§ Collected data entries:
+++
Lemma Defs_RInt_continuous (f : R -> R) a b : (forall x, continuous f x) ->
  Defs.RInt f a b = RInt f a b.
Proof.
  intros Hc.
  pose proof (ex_RInt_Reals_0 _ _ _ (ex_RInt_cont f a b Hc)) as pr.
  assert (E : RInt f a b = RiemannInt pr).
  { apply is_RInt_unique. apply ex_RInt_Reals_aux_1. }
  unfold Defs.RInt.
  destruct (epsilon_spec (inhabits 0) (fun v => Defs.is_RInt f a b v)) as [pr' H].
  { exists (RiemannInt pr). exists pr. reflexivity. }
  rewrite <- H, E. apply RiemannInt_P5.
Qed.

Lemma continuous_cos_lin c x : continuous (fun x => cos (c * x)) x.
Proof. apply (@ex_derive_continuous R_AbsRing R_NormedModule). auto_derive. auto. Qed.

Lemma continuous_sin_lin c x : continuous (fun x => sin (c * x)) x.
Proof. apply (@ex_derive_continuous R_AbsRing R_NormedModule). auto_derive. auto. Qed.

Lemma continuous_cos_mul e x : continuous (fun x => cos (x * e)) x.
Proof. apply (@ex_derive_continuous R_AbsRing R_NormedModule). auto_derive. auto. Qed.

Lemma continuous_sin_mul e x : continuous (fun x => sin (x * e)) x.
Proof. apply (@ex_derive_continuous R_AbsRing R_NormedModule). auto_derive. auto. Qed.

Lemma continuous_mul_cos (f : R -> R) e x : continuous f x ->
  continuous (fun x => f x * cos (x * e)) x.
Proof.
  intros Hf. apply (continuous_mult f (fun x => cos (x * e))); auto.
  apply continuous_cos_mul.
Qed.

Lemma continuous_mul_sin (f : R -> R) e x : continuous f x ->
  continuous (fun x => f x * sin (x * e)) x.
Proof.
  intros Hf. apply (continuous_mult f (fun x => sin (x * e))); auto.
  apply continuous_sin_mul.
Qed.

Lemma smooth_continuous (f : R -> R) : smooth f -> forall x, continuous f x.
Proof.
  intros [D [HD0 HD]] x. apply (continuous_ext (D 0%nat)); auto.
  apply continuity_pt_filterlim, derivable_continuous_pt. exists (D 1%nat x). apply HD.
Qed.
Section FormallyReal.
Variable C : numClosedFieldType.
Local Notation P := {poly {poly C}}.
Local Notation RF := (RF C).

Definition toD (U : 'M[P]_3) : D3 C := map_mx (@tofrac P) U.

Lemma toD_inj : injective toD.
Proof.
move=> U U' /matrixP eqUU'; apply/matrixP => i j.
by have /eqP := eqUU' i j; rewrite !mxE tofrac_eq => /eqP.
Qed.

Lemma toD0 : toD 0 = 0.
Proof. by apply/matrixP => i j; rewrite !mxE tofrac0. Qed.

Lemma toD_sum (I : Type) (r : seq I) (F : I -> 'M[P]_3) :
  toD (\sum_(i <- r) F i) = \sum_(i <- r) toD (F i).
Proof.
by apply: (big_morph toD) => [U U'|]; apply/matrixP => i j; rewrite !mxE ?tofracD.
Qed.

Lemma tofrac_monoP (c : C) e f :
  tofrac (monoP c e f) = constRF c * Fa C ^+ e * Fb C ^+ f.
Proof. by rewrite /monoP !tofracM !tofracXn. Qed.

Lemma constRFX (c : C) n : constRF (c ^+ n) = constRF c ^+ n.
Proof. by rewrite /constRF !rmorphXn. Qed.

Lemma toD_Pmul (U V : 'M[P]_3) : toD (Pmul U V) = D3mul (toD U) (toD V).
Proof.
have tofrac_sum := big_morph _ (@tofracD P) (@tofrac0 P).
apply/matrixP => p q; rewrite !mxE tofrac_sum; apply: eq_bigr => i _.
rewrite tofrac_sum; apply: eq_bigr => j _; rewrite tofrac_sum; apply: eq_bigr => k _.
rewrite tofrac_sum; apply: eq_bigr => l _; case: ifP => _; last exact: tofrac0.
by rewrite /Pterm !mxE tofracM tofracM tofrac_monoP constRFX !mulrA.
Qed.

Lemma toD_Pstar (U : 'M[P]_3) : toD (Pstar U) = D3star (toD U).
Proof.
apply/matrixP => i j; rewrite !mxE tofracM conjRF_tofrac.
by rewrite -[tofrac _%:P%:P]/(constRF _) constRFX.
Qed.

Lemma D3mul_scale (c c' : RF) (u v : D3 C) :
  D3mul (c *: u) (c' *: v) = (c * c') *: D3mul u v.
Proof.
apply/matrixP => p q; rewrite !mxE mulr_sumr; apply: eq_bigr => i _.
rewrite mulr_sumr; apply: eq_bigr => j _; rewrite mulr_sumr; apply: eq_bigr => k _.
rewrite mulr_sumr; apply: eq_bigr => l _; case: ifP => _; last by rewrite mulr0.
by rewrite !mxE !mulrA [c * _ * c']mulrAC.
Qed.

Lemma D3star_scale (c : RF) (u : D3 C) : D3star (c *: u) = conjRF c *: D3star u.
Proof. by apply/matrixP => i j; rewrite !mxE conjRFM mulrA. Qed.

Lemma D3mul0l (v : D3 C) : D3mul 0 v = 0.
Proof.
apply/matrixP => p q; rewrite !mxE.
apply: big1 => i _; apply: big1 => j _; apply: big1 => k _; apply: big1 => l _.
by case: ifP => _ //; rewrite mxE !mul0r.
Qed.

Lemma common_denominator (I : finType) (f : I -> RF) :
  exists2 D : P, D != 0 & forall i, exists p : P, tofrac D * f i = tofrac p.
Proof.
pose den i := (repr (f i)).2; pose num i := (repr (f i)).1.
have den_ne0 i : den i != 0 by exact: denom_ratioP.
exists (\prod_i den i); first by apply/prodf_neq0 => i _.
move=> i; exists ((\prod_(j | j != i) den j) * num i).
rewrite (bigD1 i) //= [f i]frac_repr -/(den i) -/(num i) !tofracM mulrAC.
by rewrite [tofrac (den i) * _]mulrC divfK ?tofrac_eq0 // mulrC.
Qed.

(* (i): the involution on D_3 is formally real.  After clearing denominators,
   a vanishing sum of norms would give one in the polynomial model. *)
Lemma D3_formally_real : formally_real (@D3mul C) (@D3star C).
Proof.
move=> s s_ne norms_ne0; pose r := tnth (in_tuple s).
have [D D_ne0 Dr] :=
  common_denominator (fun x : 'I_(size s) * 'I_3 * 'I_3 => r x.1.1 x.1.2 x.2).
have [g g_spec] := fin_all_exists Dr.
pose V t := \matrix_(i, j) g (t, i, j).
have toD_V t : toD (V t) = tofrac D *: r t.
  by apply/matrixP => i j; rewrite !mxE -g_spec.
have [t0 V_ne0] : exists t, V t != 0.
  have s_gt0 : (0 < size s)%N by rewrite lt0n size_eq0.
  exists (Ordinal s_gt0); have r_in : r (Ordinal s_gt0) \in s by exact: mem_tnth.
  apply: contraNneq (norms_ne0 _ r_in) => /(congr1 toD); rewrite toD_V toD0.
  move/eqP; rewrite scalemx_eq0 tofrac_eq0 (negbTE D_ne0) => /eqP ->.
  by rewrite D3mul0l.
apply: contraNneq (sum_norms_neq0 (ex_intro _ t0 V_ne0)) => sum0.
apply/eqP/toD_inj; rewrite toD_sum toD0.
under eq_bigr => t _ do rewrite toD_Pmul toD_Pstar toD_V D3star_scale D3mul_scale.
by rewrite big_tnth in sum0; rewrite -scaler_sumr sum0 scaler0.
Qed.
End FormallyReal.

Section NotFormallyReal.
Variable C : numClosedFieldType.
Local Notation P := {poly {poly C}}.
Local Notation RF := (RF C).
Local Notation b := (Kb C).

Lemma Kb_neq0 : b != 0.
Proof. by rewrite /Kb /var_out tofrac_eq0 polyX_eq0. Qed.

Lemma conjRF_fixed (p : P) : conjP p = p -> conjRF (tofrac p) = tofrac p.
Proof. by rewrite conjRF_tofrac => ->. Qed.

Lemma conjRF0 : conjRF (0 : RF) = 0.
Proof. by rewrite -tofrac0 conjRF_fixed // /conjP rmorph0. Qed.

Lemma conjRF1 : conjRF (1 : RF) = 1.
Proof. by rewrite -tofrac1 conjRF_fixed // /conjP rmorph1. Qed.

Lemma conjRF_oppKb : conjRF (- b) = - b.
Proof.
rewrite -tofracN conjRF_fixed // /conjP rmorphN; congr (- _); exact: map_polyX.
Qed.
+++
The response must consist solely of the lines from the first line of the entries through the line containing "unfold Defs.RInt.", repeated exactly.

§ Reply:
Lemma Defs_RInt_continuous (f : R -> R) a b : (forall x, continuous f x) ->
  Defs.RInt f a b = RInt f a b.
Proof.
  intros Hc.
  pose proof (ex_RInt_Reals_0 _ _ _ (ex_RInt_cont f a b Hc)) as pr.
  assert (E : RInt f a b = RiemannInt pr).
  { apply is_RInt_unique. apply ex_RInt_Reals_aux_1. }
  unfold Defs.RInt.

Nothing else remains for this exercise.